The problem is that is more of a "conuisuer" strain, it does not give the same yield as others. So growers go with a higher yielding not purple strain. But the Canadians are coming out with some higher yielding purples some of them are very dark.


----------



## bonghits4all (Nov 24, 2008)

and if you want true great purple strains try heavy duty fruity or la confidential.The la gose deep purple late in flower


----------



## jayrock32580 (Nov 24, 2008)

bonghits that was all i was coming across about a lot of people arent like you or me that cares if someone shit on someone they just want genetics and fact is even if rez is the biggest piece of shit he has some dame good killer genetics once I get done with my g13haze blue cheese whiteberry grow I am going to do his alpha diesel and snowdog I grew the chemdog dd little hermie problem but at fifth node in veg my house smell like a skunk convention pulled in on 18 wheelers


----------



## jayrock32580 (Nov 24, 2008)

seedsman purple bud is a decent yielder good high I wanna try to get my buddy to give me a clone of his urkel to cross with big bud


----------



## NewGrowth (Nov 24, 2008)

bonghits4all said:


> ng. im on the east coast and the peeps know the difference between sour and nycd. and like everywhere some go ny some sour.but your right the diesel name is popular round here


DNA Seeds, a great breeder that started in the United States. They are really running the market on the east coast right now. Not all customers will complain when you give them Sour. Most of them will either ask for the sour next time or not even say anything. Just my experience with it but yeah an experienced Diesel smoker can definitely tell the difference between the two strains.


----------



## bonghits4all (Nov 24, 2008)

i have a buddy who just ordered the alpha diesel.So if i can swallow my pride i could wind up with a few in my closet.


----------



## jayrock32580 (Nov 24, 2008)

new growth you talking bout dna genetics 
you from canada?


----------



## jayrock32580 (Nov 24, 2008)

bonghits his alpha is sour d there is a site that is like this with people that grow his stuff looks amazing


----------



## jayrock32580 (Nov 24, 2008)

bonghits did he get them from gypsy or seedbay


----------



## bonghits4all (Nov 24, 2008)

gypsy. its the sour x ??? he aint telling.and the pics are nice at icm.


----------



## NewGrowth (Nov 24, 2008)

jayrock32580 said:


> new growth you talking bout dna genetics
> you from canada?


Yep http://www.dnagenetics.com/online_store/dna_genetics_cannabis_seeds.cfm they made friends with a lot of american business interests. I think we are going to see some market shift from these guys. They grow really awesome strains too. 

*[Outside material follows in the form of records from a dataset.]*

(* Let $(G_n)_{n\ge1}$ be an expanding covering tower of finite $k$-regular graphs. Then exactly one of the following holds: (1) all but finitely many of the $G_n$ are bipartite; (2) there exists $r>0$ such that for every $n$, at least $r|V(G_n)|$ edges of $G_n$ must be erased to make it bipartite.
   Context: A covering tower is a sequence of finite connected graphs $G_n$ together with covering maps $G_{n+1}\to G_n$ for all $n\ge1$. It is expanding if the Cheeger constants $\mathrm{Ch}(G_n)=\min_{0<|A|\le|V(G_n)|/2}|L(A)|/|A|$ (with $L(A)$ the set of edges between $A$ and its complement) are bounded below by a positive constant. *)

From HB Require Import structures.
From mathcomp Require Import all_boot all_order all_algebra.
Set Implicit Arguments. Unset Strict Implicit. Unset Printing Implicit Defensive.
Import Order.TTheory GRing.Theory Num.Theory.

Definition simple_graph (V : finType) (e : rel V) : Prop :=
  symmetric e /\ irreflexive e.

Definition connected_graph (V : finType) (e : rel V) : Prop :=
  (0 < #|V|)%N /\ forall x y : V, connect e x y.

Definition regular_graph (k : nat) (V : finType) (e : rel V) : Prop :=
  forall x : V, #|[set y | e x y]| = k.

Definition covering_map (V1 V2 : finType) (e1 : rel V1) (e2 : rel V2)
    (f : V1 -> V2) : Prop :=
  [/\ forall y : V2, exists x : V1, f x = y,
      forall x y : V1, e1 x y -> e2 (f x) (f y),
      forall x : V1, {in [set y | e1 x y] &, injective f} &
      forall x : V1, f @: [set y | e1 x y] = [set z | e2 (f x) z]].

(* Covering tower (indexed from 0 rather than 1): graphs G_n = (V n, adj n)
   that are finite, simple, connected, with covering maps p n : G_{n+1} -> G_n. *)
Definition covering_tower (V : nat -> finType) (adj : forall n, rel (V n))
    (p : forall n, V n.+1 -> V n) : Prop :=
  forall n, [/\ simple_graph (adj n), connected_graph (adj n) &
                covering_map (adj n.+1) (adj n) (p n)].

(* L(A): the edges between A and its complement (each counted once,
   oriented from A to its complement). *)
Definition boundary (V : finType) (e : rel V) (A : {set V}) : {set V * V} :=
  [set xy : V * V | [&& xy.1 \in A, xy.2 \notin A & e xy.1 xy.2]].

(* Ch(G) >= c, i.e. |L(A)|/|A| >= c for every 0 < |A| <= |V|/2
   (this is what "min_{A} |L(A)|/|A| >= c" unfolds to). *)
Definition cheeger_ge (V : finType) (e : rel V) (c : rat) : Prop :=
  forall A : {set V}, (0 < #|A|)%N -> (2 * #|A| <= #|V|)%N ->
    (c <= (#|boundary e A|%:R / #|A|%:R))%R.

Definition expanding (V : nat -> finType) (adj : forall n, rel (V n)) : Prop :=
  exists c : rat, (0 < c)%R /\ forall n, cheeger_ge (adj n) c.

Definition bipartite (V : finType) (e : rel V) : Prop :=
  exists col : V -> bool, forall x y : V, e x y -> col x != col y.

Definition edges (V : finType) (e : rel V) : {set {set V}} :=
  [set [set xy.1; xy.2] | xy in [set xy : V * V | e xy.1 xy.2]].

Definition erase_edges (V : finType) (e : rel V) (F : {set {set V}}) : rel V :=
  fun x y => e x y && ([set x; y] \notin F).

Definition bip_erase_ge (V : finType) (e : rel V) (m : rat) : Prop :=
  forall F : {set {set V}}, F \subset edges e -> bipartite (erase_edges e F) ->
    (m <= #|F|%:R)%R.

From HB Require Import structures.
From mathcomp Require Import all_boot all_order all_algebra.
From mathcomp Require Import zify lra.
From Stdlib Require Import Classical.
Import Order.TTheory GRing.Theory Num.Theory.

Set Implicit Arguments. Unset Strict Implicit. Unset Printing Implicit Defensive.

(* Bipartiteness lifts along coverings, so if infinitely many G_n are not
   bipartite then none is.  Let f : G_m -> G_n be a covering with fibres of
   size D, g a colouring of G_n and col a colouring of G_m.  Each edge uv of
   G_n lifts to a perfect matching between the fibres over u and v, so the
   number of col-true vertices in the fibre over v is close to D minus that
   over u, up to the number of col-monochromatic edges.  Going round an odd
   cycle of G_n, every fibre is therefore split almost evenly by col, hence
   so is the set A where col agrees with g o f.  The boundary of A consists
   of col-monochromatic edges and the D lifts of each g-monochromatic edge,
   and the Cheeger bound yields c |G_m| <= O(#mono(col)) + 4 D #mono(g).
   If some level carries a colouring g with 4 #mono(g) <= c |G_n|, the last
   term is absorbed and every higher level needs a linear number of
   erasures (the finitely many lower levels are not bipartite); otherwise
   every level already needs c |G_m| / 8 of them. *)

(* [covering_map] with the neighbourhood bijection split into injectivity and
   lifting of edges: in this form coverings compose. *)
Definition local_cover (V1 V2 : finType) (e1 : rel V1) (e2 : rel V2)
    (f : V1 -> V2) : Prop :=
  [/\ forall y, exists x, f x = y,
      forall x y, e1 x y -> e2 (f x) (f y),
      forall x y1 y2, e1 x y1 -> e1 x y2 -> f y1 = f y2 -> y1 = y2 &
      forall x u, e2 (f x) u -> exists2 y, e1 x y & f y = u].

Lemma covering_map_local (V1 V2 : finType) (e1 : rel V1) (e2 : rel V2) f :
  covering_map e1 e2 f -> local_cover e1 e2 f.
Proof.
case=> f_onto f_homo f_inj f_nbhd; split=> // [x y1 y2 xy1 xy2|x u xu].
  by apply: (f_inj x); rewrite inE.
have : u \in [set z | e2 (f x) z] by rewrite inE.
by rewrite -f_nbhd => /imsetP[y]; rewrite inE => xy ->; exists y.
Qed.

Lemma local_cover_id (V : finType) (e : rel V) : local_cover e e id.
Proof. by split=> // [y|x u xu]; [exists y | exists u]. Qed.

Lemma local_cover_comp (V1 V2 V3 : finType) (e1 : rel V1) (e2 : rel V2)
    (e3 : rel V3) f g :
  local_cover e1 e2 f -> local_cover e2 e3 g -> local_cover e1 e3 (g \o f).
Proof.
case=> f_onto f_homo f_inj f_lift [g_onto g_homo g_inj g_lift]; split=> /=.
- by move=> z; have [y <-] := g_onto z; have [x <-] := f_onto y; exists x.
- by move=> x y /f_homo/g_homo.
- move=> x y1 y2 xy1 xy2 /(g_inj _ _ _ (f_homo _ _ xy1) (f_homo _ _ xy2)).
  exact: f_inj xy1 xy2.
- move=> x u /g_lift[z fxz <-]; have [y xy <-] := f_lift _ _ fxz; by exists y.
Qed.

Lemma bipartite_local_cover (V1 V2 : finType) (e1 : rel V1) (e2 : rel V2) f :
  local_cover e1 e2 f -> bipartite e2 -> bipartite e1.
Proof.
by case=> _ f_homo _ _ [col col_proper]; exists (col \o f) => x y /f_homo/col_proper.
Qed.

Lemma card_local_cover (V1 V2 : finType) (e1 : rel V1) (e2 : rel V2) f :
  local_cover e1 e2 f -> (#|V2| <= #|V1|)%N.
Proof.
case=> f_onto _ _ _; rewrite -cardsT -(cardsT V1).
apply: leq_trans (leq_imset_card f _); apply: subset_leq_card.
by apply/subsetP=> y _; have [x <-] := f_onto y; rewrite imset_f.
Qed.

Section Fibres.
Variables (V1 V2 : finType) (e1 : rel V1) (e2 : rel V2) (f : V1 -> V2).
Hypothesis f_cover : local_cover e1 e2 f.
Hypotheses (e1_sym : symmetric e1) (e2_sym : symmetric e2).

Definition fibre v := [set x | f x == v].

Definition edge_lifts u v : {set V1 * V1} :=
  [set xy | [&& e1 xy.1 xy.2, f xy.1 == u & f xy.2 == v]].

Lemma card_edge_lifts_fst (P : pred V1) u v : e2 u v ->
  #|edge_lifts u v :&: [set xy | P xy.1]| = #|fibre u :&: [set x | P x]|.
Proof.
case: f_cover => _ _ f_inj f_lift euv.
rewrite -(@card_in_imset _ _ fst) => [|[x y] [x' y']]; last first.
  rewrite !inE /= => /andP[/and3P[xy _ /eqP fy] _] /andP[/and3P[x'y' _ /eqP fy']] _.
  by move=> /= Ex; subst x'; rewrite (f_inj x y y') // fy fy'.
apply: eq_card => x; rewrite !inE; apply/imsetP/andP => [[[x' y]]|[/eqP fx Px]].
  by rewrite !inE /= => /andP[/and3P[_ ? _] ?] ->.
have [y xy fy] := f_lift x v ltac:(by rewrite fx).
by exists (x, y); rewrite // !inE /= xy fx fy !eqxx.
Qed.

Lemma card_edge_lifts_snd (P : pred V1) u v : e2 u v ->
  #|edge_lifts u v :&: [set xy | P xy.2]| = #|fibre v :&: [set x | P x]|.
Proof.
rewrite e2_sym => evu; rewrite -(card_edge_lifts_fst P evu).
rewrite -(card_imset _ (can_inj swap_pairK)).
rewrite (can2_imset_pre _ swap_pairK swap_pairK); apply: eq_card => -[x y].
by rewrite !inE /= e1_sym; do 2!case: eqP.
Qed.

Lemma card_edge_lifts u v : e2 u v -> #|edge_lifts u v| = #|fibre u|.
Proof. by move/(card_edge_lifts_fst predT); rewrite !setIT. Qed.

Lemma card_fibre_edge u v : e2 u v -> #|fibre u| = #|fibre v|.
Proof.
move=> euv; rewrite -(card_edge_lifts euv) -(setIT (edge_lifts u v)).
by rewrite (card_edge_lifts_snd predT euv) setIT.
Qed.

Lemma card_fibre_connect u v : connect e2 u v -> #|fibre u| = #|fibre v|.
Proof.
case/connectP=> s; elim: s u => [|w s IHs] u /=; first by move=> _ ->.
by case/andP=> /card_fibre_edge-> ws /(IHs w ws).
Qed.

Lemma card_fibre_partition (A : {set V1}) : #|A| = \sum_v #|fibre v :&: A|.
Proof.
rewrite -sum1_card (partition_big f predT) //=; apply: eq_bigr => v _.
by rewrite -sum1_card; apply: eq_bigl => x; rewrite !inE andbC.
Qed.

End Fibres.

Lemma homo_connect (T U : finType) (e : rel T) (e' : rel U) (h : T -> U) :
  {homo h : x y / e x y >-> e' x y} ->
  {homo h : x y / connect e x y >-> connect e' x y}.
Proof.
move=> h_homo x _ /connectP[s xs ->]; apply/connectP.
by exists (map h s); [exact: homo_path xs | rewrite last_map].
Qed.

Lemma connect_lipschitz (T : finType) (e : rel T) (q : T -> nat) K a b :
  (forall x y, e x y -> q y <= q x + K) -> connect e a b -> q b <= q a + #|T| * K.
Proof.
move=> q_lip /connectP[s0 /shortenP[s es s_uniq _] ->] {s0}.
have /leq_trans-> // : q (last a s) <= q a + size s * K.
  elim: s a es {s_uniq} => [|y s IHs] a /=; first by rewrite addn0.
  by case/andP=> /q_lip qy /IHs/leq_trans->; rewrite // mulSn addnA leq_add2r.
have size_s : size (a :: s) <= #|T| by rewrite -(card_uniqP s_uniq) max_card.
by rewrite leq_add2l leq_mul2r (ltnW size_s) orbT.
Qed.

Section DoubleCover.
Variables (V : finType) (e : rel V).

Definition double_cover : rel (V * bool) := fun a b => e a.1 b.1 && (b.2 == ~~ a.2).

Lemma double_cover_sym : symmetric e -> symmetric double_cover.
Proof.
by move=> e_sym [x b] [y b']; rewrite /double_cover /= e_sym; case: b; case: b'.
Qed.

Lemma double_cover_flip x b y b' : connect double_cover (x, b) (y, b') ->
  connect double_cover (x, ~~ b) (y, ~~ b').
Proof.
apply: (homo_connect (h := fun a => (a.1, ~~ a.2))) => -[x1 b1] [y1 c1].
by rewrite /double_cover /=; case: b1; case: c1.
Qed.

Lemma double_cover_lift v x b : connect e v x ->
  exists b', connect double_cover (v, b) (x, b').
Proof.
case/connectP=> s; elim: s v b => [|y s IHs] v b /=; first by move=> _ ->; exists b.
case/andP=> evy ys /(IHs y (~~ b) ys)[b' yx]; exists b'.
by apply: connect_trans yx; apply: connect1; rewrite /double_cover /= evy eqxx.
Qed.

Lemma double_cover_odd v : symmetric e -> (forall x y, connect e x y) ->
  ~ bipartite e -> connect double_cover (v, false) (v, true).
Proof.
move=> e_sym e_conn e_nonbip; apply: contraT => /negP no_odd; case: e_nonbip.
have dc_sym := sym_connect_sym (double_cover_sym e_sym).
exists (fun x => connect double_cover (v, false) (x, false)) => x y exy.
have step b : connect double_cover (x, b) (y, ~~ b).
  by apply: connect1; rewrite /double_cover /= exy eqxx.
case vx: (connect double_cover (v, false) (x, false)).
  apply/negP => vy; apply: no_odd; apply: connect_trans (connect_trans vx (step false)) _.
  by rewrite dc_sym; exact: double_cover_flip vy.
have [[] vx'] := double_cover_lift false (e_conn v x); last by rewrite vx' in vx.
by rewrite (connect_trans vx' (step true)).
Qed.

End DoubleCover.

Section Monochromatic.
Variables (V : finType) (e : rel V).

(* Ordered pairs: every monochromatic edge is counted twice. *)
Definition monochromatic (col : V -> bool) : {set V * V} :=
  [set xy | e xy.1 xy.2 && (col xy.1 == col xy.2)].

Lemma monochromaticN col : monochromatic (fun x => ~~ col x) = monochromatic col.
Proof. by apply/setP => -[x y]; rewrite !inE /=; case: (col x); case: (col y). Qed.

Lemma monochromatic_gt0 col : ~ bipartite e -> 0 < #|monochromatic col|.
Proof.
move=> e_nonbip; rewrite card_gt0; apply: contra_notN e_nonbip => /eqP mono0.
exists col => x y exy; apply: contraT; rewrite negbK => cxy.
by have := in_set0 (x, y); rewrite -mono0 inE /= exy cxy.
Qed.

Lemma doubleton_eq (x y x' y' : V) : x != y -> [set x; y] = [set x'; y'] ->
  (x', y') = (x, y) \/ (x', y') = (y, x).
Proof.
move=> xy /setP E; move: (E x) (E y) (E x'); rewrite !inE !eqxx ?orbT /=.
move=> /esym/orP[]/eqP ? /esym/orP[]/eqP ? /orP[]/eqP ?; subst;
  rewrite ?eqxx // in xy; by [left | right].
Qed.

Nice stuff like you said La Confidential, probably a good idea for the Northwest market. Improve quality and still have that purple appearance.


----------



## bonghits4all (Nov 24, 2008)

and the dna guys are american.got their genetics from cali and oregeon


----------



## NewGrowth (Nov 24, 2008)

bonghits4all said:


> and the dna guys are american.got their genetics from cali and oregeon


Yep I know, why do you ask if I am Canadian?


----------



## bonghits4all (Nov 24, 2008)

NewGrowth said:


> Yep I know, why do you ask if I am Canadian?


 wasnt me that asked.


----------



## jayrock32580 (Nov 24, 2008)

new growth not sure why I asked to be honest especially since it says rocky mountains Guess I will just blaze another bong of this sour lol


----------



## jayrock32580 (Nov 24, 2008)

what is that canadian site that you can get romulan and real og kush at Thats what it was wasnt meaning you from there guess i got froze in mid sentence


----------



## jayrock32580 (Nov 24, 2008)

that kushberry looks good


----------



## NewGrowth (Nov 24, 2008)

bonghits4all said:


> wasnt me that asked.


Sorry i'm really high . . .



jayrock32580 said:


> new growth not sure why I asked to be honest especially since it says rocky mountains Guess I will just blaze another bong of this sour lol


Yeah sounds like a plan 


jayrock32580 said:


> what is that canadian site that you can get romulan and real og kush at Thats what it was wasnt meaning you from there guess i got froze in mid sentence


I don't know I have never used Canadian seed companies a lot of them will rip you off on large orders. The Brits and Dutch are more reliable. If you find the site let me know I am always open to trying another Canadian site.


----------



## jayrock32580 (Nov 24, 2008)

i know dr greenthumb has og kush s1 not cross but not sure how reliable they are


----------



## bonghits4all (Nov 24, 2008)

thats funny j cause i was just blazing some bongrips of ny.(not the grapefruit pheno but its still great like spicey sugary pine almost with a hint of lemon. 2 weeks ago i hated this pheno. but you really need a proper cure on the ny. or like me youll prematurely judge it.After a proper cure its damn good. and super super stoney.better have a comfy couch .


----------



## jayrock32580 (Nov 24, 2008)

bcbuddepot carrys elite genetics they have tons of og and sou crossed but ther is one site that carry vancouver island seed comapny seeds they have the romulan and og kush


----------



## jayrock32580 (Nov 24, 2008)

Yeah the sour I can only take a hit or two every hour or I wanna sleep


----------



## NewGrowth (Nov 24, 2008)

bonghits4all said:


> thats funny j cause i was just blazing some bongrips of ny.(not the grapefruit pheno but its still great like spicey sugary pine almost with a hint of lemon. 2 weeks ago i hated this pheno. but you really need a proper cure on the ny. or like me youll prematurely judge it.After a proper cure its damn good. and super super stoney.better have a comfy couch .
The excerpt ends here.